## PROBLEM DESCRIPTION
From the data below, repeat exactly the lines from the line with "(* Bits needed" to the line with "have powE k", both included.

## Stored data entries
(* Let $\Delta=\Delta(n)$ satisfy $\Delta\ge 3$ and $\Delta=o(n^{1/2})$. Any algorithm that, given a vertex set $V$ with $|V|=n$ and a distance oracle for an unknown connected graph $G=(V,E)$ of maximum degree at most $\Delta$, always outputs $E$, must make $\Omega(\Delta n\log n/\log\log n)$ distance queries on some such graph $G$.
   Context: A distance oracle for $G$ receives a pair $(u,v)\in V^2$ and returns the number of edges on a shortest path between $u$ and $v$ in $G$. Graphs are unweighted, undirected and simple. *)

From Stdlib Require Import Reals Arith List Bool.
Import ListNotations.

Definition simple_graph (n : nat) (adj : nat -> nat -> bool) : Prop :=
  (forall u v, adj u v = adj v u) /\
  (forall u, adj u u = false) /\
  (forall u v, adj u v = true -> u < n /\ v < n).

Definition degree (n : nat) (adj : nat -> nat -> bool) (v : nat) : nat :=
  length (filter (fun u => adj v u) (seq 0 n)).

Definition max_degree_le (n : nat) (adj : nat -> nat -> bool) (D : nat) : Prop :=
  forall v, v < n -> degree n adj v <= D.

Fixpoint is_walk (adj : nat -> nat -> bool) (u : nat) (p : list nat) (v : nat) : Prop :=
  match p with
  | [] => u = v
  | w :: p' => adj u w = true /\ is_walk adj w p' v
  end.

Definition connected (n : nat) (adj : nat -> nat -> bool) : Prop :=
  forall u v, u < n -> v < n -> exists p, is_walk adj u p v.

Fixpoint reach (n : nat) (adj : nat -> nat -> bool) (k : nat) (u v : nat) : bool :=
  match k with
  | 0 => Nat.eqb u v
  | S k' => reach n adj k' u v
            || existsb (fun w => reach n adj k' u w && adj w v) (seq 0 n)
  end.

(* least k <= n with reach k u v (returns n if none such, which never
   happens for u, v in a connected graph). *)
Fixpoint first_reach (n : nat) (adj : nat -> nat -> bool) (u v : nat) (k fuel : nat) : nat :=
  match fuel with
  | 0 => k
  | S f => if reach n adj k u v then k else first_reach n adj u v (S k) f
  end.

Definition dist_oracle (n : nat) (adj : nat -> nat -> bool) (u v : nat) : nat :=
  first_reach n adj u v 0 n.

(* A (deterministic, adaptive) query algorithm as a decision tree: either
   output an edge relation, or query the oracle on a pair (u,v) and continue
   depending on the answer. *)
Inductive algo : Type :=
| Out : (nat -> nat -> bool) -> algo
| Ask : nat -> nat -> (nat -> algo) -> algo.

Fixpoint run_output (A : algo) (oracle : nat -> nat -> nat) : nat -> nat -> bool :=
  match A with
  | Out f => f
  | Ask u v k => run_output (k (oracle u v)) oracle
  end.

Fixpoint run_cost (A : algo) (oracle : nat -> nat -> nat) : nat :=
  match A with
  | Out _ => 0
  | Ask u v k => S (run_cost (k (oracle u v)) oracle)
  end.

Definition admissible (n D : nat) (adj : nat -> nat -> bool) : Prop :=
  simple_graph n adj /\ connected n adj /\ max_degree_le n adj D.

Definition reconstructs (n D : nat) (A : algo) : Prop :=
  forall adj, admissible n D adj ->
    forall u v, u < n -> v < n -> run_output A (dist_oracle n adj) u v = adj u v.

(* Information-theoretic argument.  For n vertices and maximum degree D we
   exhibit a large family of admissible graphs, indexed by "layouts": a
   binary heap on {0,...,n-1} (so every vertex is within log2 n steps of the
   root 0) whose leaves carry j = D - 1 blocks of B vertices on a left side and
   j blocks of B vertices on a right side, each of the j^2 pairs of blocks being
   joined by a perfect matching given by a permutation of 'I_B.  Every vertex
   has degree at most D, distinct layouts give distinct edge sets, and all
   oracle answers lie in a set of about 2 log2 n values.  A decision tree with
   answers in a set of size s making fewer than q queries distinguishes at most
   s^q graphs; since there are (B!)^(j^2) layouts, some layout forces about
   j^2 B log B / log log n queries, i.e. Omega(D n log n / log log n) queries
   when D = o(sqrt n) (the heap forces maximum degree max(3, D), hence D >= 3). *)

From Stdlib Require Import Reals Arith List Lia Lra Bool.
From mathcomp Require all_boot perm zify.
Import ListNotations.
Set Bullet Behavior "Strict Subproofs".

Definition adj_bounded n (adj : nat -> nat -> bool) :=
  forall u v, adj u v = true -> u < n /\ v < n.

Lemma reach_S n adj k u v : reach n adj (S k) u v =
  reach n adj k u v || existsb (fun w => reach n adj k u w && adj w v) (seq 0 n).
Proof. reflexivity. Qed.

Lemma reach_bounds n adj (Hb : adj_bounded n adj) k : forall u v,
  reach n adj k u v = true -> u = v \/ (u < n /\ v < n).
Proof.
  induction k as [|k IH]; intros u v H.
  - left; apply Nat.eqb_eq; exact H.
  - rewrite reach_S in H.
    apply orb_true_iff in H as [H|H]; [now apply IH|].
    apply existsb_exists in H as [w [Hw H]].
    apply in_seq in Hw. apply andb_true_iff in H as [H1 H2].
    destruct (Hb _ _ H2) as [_ Hv].
    destruct (IH _ _ H1) as [->|[Hu _]]; right; lia.
Qed.

Lemma first_reach_le n adj u v K : reach n adj K u v = true ->
  forall fuel k, k <= K -> first_reach n adj u v k fuel <= K.
Proof.
  intros HK fuel; induction fuel as [|f IH]; intros k Hk; simpl; [lia|].
  destruct (reach n adj k u v) eqn:E; [lia|].
  apply IH. destruct (Nat.eq_dec k K) as [->|]; [congruence|lia].
Qed.

Lemma first_reach_none n adj u v : (forall k, reach n adj k u v = false) ->
  forall fuel k, first_reach n adj u v k fuel = k + fuel.
Proof.
  intros H fuel; induction fuel as [|f IH]; intros k; simpl; [lia|].
  rewrite H, IH; lia.
Qed.

Lemma reach_front n adj u w v k : u < n -> adj u w = true ->
  reach n adj k w v = true -> reach n adj (S k) u v = true.
Proof.
  intros Hu Huw; revert v; induction k as [|k IH]; intros v H.
  - apply Nat.eqb_eq in H; subst v. rewrite reach_S.
    apply orb_true_iff; right.
    apply existsb_exists; exists u; split; [apply in_seq; lia|].
    simpl; rewrite Nat.eqb_refl; exact Huw.
  - rewrite reach_S in H |- *.
    apply orb_true_iff in H as [H|H].
    + apply orb_true_iff; left. exact (IH _ H).
    + apply orb_true_iff; right.
      apply existsb_exists in H as [x [Hx H]].
      apply andb_true_iff in H as [H1 H2].
      apply existsb_exists; exists x; split; [exact Hx|].
      rewrite (IH _ H1); exact H2.
Qed.

Lemma walk_reach n adj (Hb : adj_bounded n adj) p : forall u v, u < n ->
  is_walk adj u p v -> reach n adj (length p) u v = true.
Proof.
  induction p as [|w p IH]; simpl; intros u v Hu H.
  - subst; apply Nat.eqb_refl.
  - destruct H as [H1 H2]. apply (reach_front n adj u w); auto.
    apply IH; auto. apply (Hb _ _ H1).
Qed.

Lemma walk_app adj p q u w v : is_walk adj u p w -> is_walk adj w q v ->
  is_walk adj u (p ++ q) v.
Proof.
  revert u; induction p as [|a p IH]; simpl; intros u H1 H2.
  - subst; exact H2.
  - destruct H1; split; eauto.
Qed.

Lemma walk_rev adj (Hs : forall a b, adj a b = adj b a) p : forall u v,
  is_walk adj u p v -> exists q, length q = length p /\ is_walk adj v q u.
Proof.
  induction p as [|w p IH]; simpl; intros u v H.
  - subst; exists []; simpl; auto.
  - destruct H as [H1 H2]. destruct (IH _ _ H2) as [q [Hl Hq]].
    exists (q ++ [u]); split; [rewrite length_app; simpl; lia|].
    apply (walk_app adj q [u] v w u); [exact Hq|].
    simpl; split; [rewrite Hs; exact H1|reflexivity].
Qed.

Lemma dist_le n adj (Hb : adj_bounded n adj) u v p : u < n ->
  is_walk adj u p v -> dist_oracle n adj u v <= length p.
Proof.
  intros Hu H; unfold dist_oracle. apply first_reach_le; [|lia].
  apply walk_reach; auto.
Qed.

Lemma dist_range n adj (Hb : adj_bounded n adj) u v :
  (u < n /\ v < n) \/ dist_oracle n adj u v = 0 \/ dist_oracle n adj u v = n.
Proof.
  destruct (Nat.eq_dec u v) as [->|Huv].
  - right; left. unfold dist_oracle. destruct n; simpl; [reflexivity|].
    rewrite Nat.eqb_refl; reflexivity.
  - destruct (Nat.lt_ge_cases u n); destruct (Nat.lt_ge_cases v n); try (left; lia);
    right; right; unfold dist_oracle; rewrite first_reach_none; try lia;
    intros k; destruct (reach n adj k u v) eqn:E; auto;
    destruct (reach_bounds n adj Hb k u v E); lia.
Qed.

Lemma dist_oracle_answers n adj d : adj_bounded n adj ->
  (forall u v, u < n -> v < n -> exists p, length p <= d /\ is_walk adj u p v) ->
  forall u v, dist_oracle n adj u v <= d \/ dist_oracle n adj u v = n.
Proof.
  intros Hb Hwalk u v.
  destruct (dist_range n adj Hb u v) as [[Hu Hv]|[H0|Hn]]; [|lia|now right].
  left. destruct (Hwalk u v Hu Hv) as [p [Hp Hw]].
  pose proof (dist_le n adj Hb u v p Hu Hw). lia.
Qed.

(* Bits needed to write one oracle answer on the hard instances below:
   answers lie in a set of size 2 log2 n + 2. *)
Definition answer_bits (n : nat) : nat := Nat.log2 (2 * Nat.log2 n + 2) + 1.

Module HardFamily.
Import mathcomp.boot.all_boot mathcomp.fingroup.perm mathcomp.zify.zify.
Set Implicit Arguments. Unset Strict Implicit. Unset Printing Implicit Defensive.

Lemma log2_bounds m : 0 < m -> 2 ^ Nat.log2 m <= m < 2 ^ (Nat.log2 m).+1.
Proof.
  move=> /ltP Hm; have [H1 H2] := Nat.log2_spec m Hm.
  have powE k : Nat.pow 2 k = 2 ^ k by elim: k => [|k IH] //=; rewrite IH expnS.
  by rewrite -!powE; apply/andP; split; [apply/leP|apply/ltP].
Qed.

Section Layouts.
Variables (n j' b : nat).
(* j blocks of size B on each side. *)
Local Notation j := j'.+1.
Local Notation B := b.+1.
Local Notation layout := {ffun 'I_j * 'I_j -> {perm 'I_B}}.
Hypothesis fits : n %/ 2 + 2 * (j * B) <= n.

(* Vertices from [first_leaf] on are leaves of the heap. *)
Definition first_leaf := n %/ 2.
Definition lpos (s : 'I_j) (x : 'I_B) : nat := first_leaf + s * B + x.
Definition rpos (t : 'I_j) (y : 'I_B) : nat := first_leaf + j * B + t * B + y.

Definition heap_edge u v := (0 < v) && (v < n) && (u == v.-1 %/ 2).
Definition block_edge (p : layout) u v :=
  [exists st : 'I_j * 'I_j, exists x : 'I_B,
      (u == lpos st.1 x) && (v == rpos st.2 (p st x))].
Definition gadj (p : layout) u v :=
  [|| heap_edge u v, heap_edge v u, block_edge p u v | block_edge p v u].

Lemma lpos_ge s x : first_leaf <= lpos s x. Proof. rewrite /lpos; lia. Qed.
Lemma lpos_lt s x : lpos s x < first_leaf + j * B.
Proof. rewrite /lpos. have := ltn_ord s; have := ltn_ord x. nia. Qed.
Lemma rpos_ge t y : first_leaf + j * B <= rpos t y. Proof. rewrite /rpos; lia. Qed.
Lemma rpos_lt t y : rpos t y < n.
Proof. move: fits; rewrite /rpos /first_leaf. have := ltn_ord t; have := ltn_ord y. nia. Qed.
Lemma lpos_lt_n s x : lpos s x < n.
Proof. have := lpos_lt s x; move: fits; rewrite /first_leaf; lia. Qed.

Lemma lpos_inj s x s' x' : lpos s x = lpos s' x' -> s = s' /\ x = x'.
Proof.
  rewrite /lpos => H.
  have Hs : (s : nat) = s' by have := ltn_ord x; have := ltn_ord x'; nia.
  split; apply: val_inj => /=; [exact Hs|]. move: H; rewrite Hs; lia.
Qed.
Lemma rpos_inj t y t' y' : rpos t y = rpos t' y' -> t = t' /\ y = y'.
Proof.
  rewrite /rpos => H.
  have Ht : (t : nat) = t' by have := ltn_ord y; have := ltn_ord y'; nia.
  split; apply: val_inj => /=; [exact Ht|]. move: H; rewrite Ht; lia.
Qed.

Lemma heap_edge_bound u v : heap_edge u v -> u < n /\ v < n.
Proof. rewrite /heap_edge => /andP[/andP[H1 H2] /eqP->]; split; lia. Qed.

Lemma block_edge_bound p u v : block_edge p u v -> u < n /\ v < n.
Proof.
  move=> /existsP[st /existsP[x /andP[/eqP-> /eqP->]]].
  split; [exact: lpos_lt_n | exact: rpos_lt].
Qed.

Lemma heap_edge_irr u : heap_edge u u = false.
Proof. by apply/negbTE/negP; rewrite /heap_edge => /andP[/andP[H1 H2] /eqP H]; lia. Qed.

(* Left and right block vertices are disjoint. *)
Lemma block_edge_irr p u : block_edge p u u = false.
Proof.
  apply/negbTE/negP => /existsP[st /existsP[x /andP[/eqP H1 /eqP H2]]].
  have := lpos_lt st.1 x; have := rpos_ge st.2 (p st x). rewrite -H1 -H2. lia.
Qed.

Lemma gadj_simple p : simple_graph n (gadj p).
Proof.
  split; [|split].
  - move=> u v; rewrite /gadj.
    by case: (heap_edge u v); case: (heap_edge v u); case: (block_edge p u v);
       case: (block_edge p v u).
  - by move=> u; rewrite /gadj heap_edge_irr block_edge_irr.
  - move=> u v; rewrite /gadj.
    case/orP=> [/heap_edge_bound|/orP[/heap_edge_bound|/orP[/block_edge_bound|/block_edge_bound]]];
    case=> H1 H2; split; apply/ltP; done.
Qed.

Lemma gadj_bounded p : adj_bounded n (gadj p).
Proof. by have [_ [_ H]] := gadj_simple p. Qed.

Lemma walk_to_root p k u : u < n -> u.+1 < 2 ^ k.+1 ->
  exists q, (length q <= k)%coq_nat /\ is_walk (gadj p) u q 0.
Proof.
  elim: k u => [|k IH] u Hu Hk.
  - exists nil; split => //=. move: Hk; rewrite expn1; lia.
  - case: (posnP u) => [->|Hu0]; first by exists nil; split => /=; lia.
    have [q [Hq Hw]] := IH (u.-1 %/ 2) ltac:(lia) ltac:(move: Hk; rewrite !expnS; lia).
    exists (u.-1 %/ 2 :: q); split => /=; first lia.
    split => //. by rewrite /gadj /heap_edge Hu0 Hu eqxx !orbT.
Qed.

## ANSWER BELOW
(* Bits needed to write one oracle answer on the hard instances below:
   answers lie in a set of size 2 log2 n + 2. *)
Definition answer_bits (n : nat) : nat := Nat.log2 (2 * Nat.log2 n + 2) + 1.

Module HardFamily.
Import mathcomp.boot.all_boot mathcomp.fingroup.perm mathcomp.zify.zify.
Set Implicit Arguments. Unset Strict Implicit. Unset Printing Implicit Defensive.

Lemma log2_bounds m : 0 < m -> 2 ^ Nat.log2 m <= m < 2 ^ (Nat.log2 m).+1.
Proof.
  move=> /ltP Hm; have [H1 H2] := Nat.log2_spec m Hm.
  have powE k : Nat.pow 2 k = 2 ^ k by elim: k => [|k IH] //=; rewrite IH expnS.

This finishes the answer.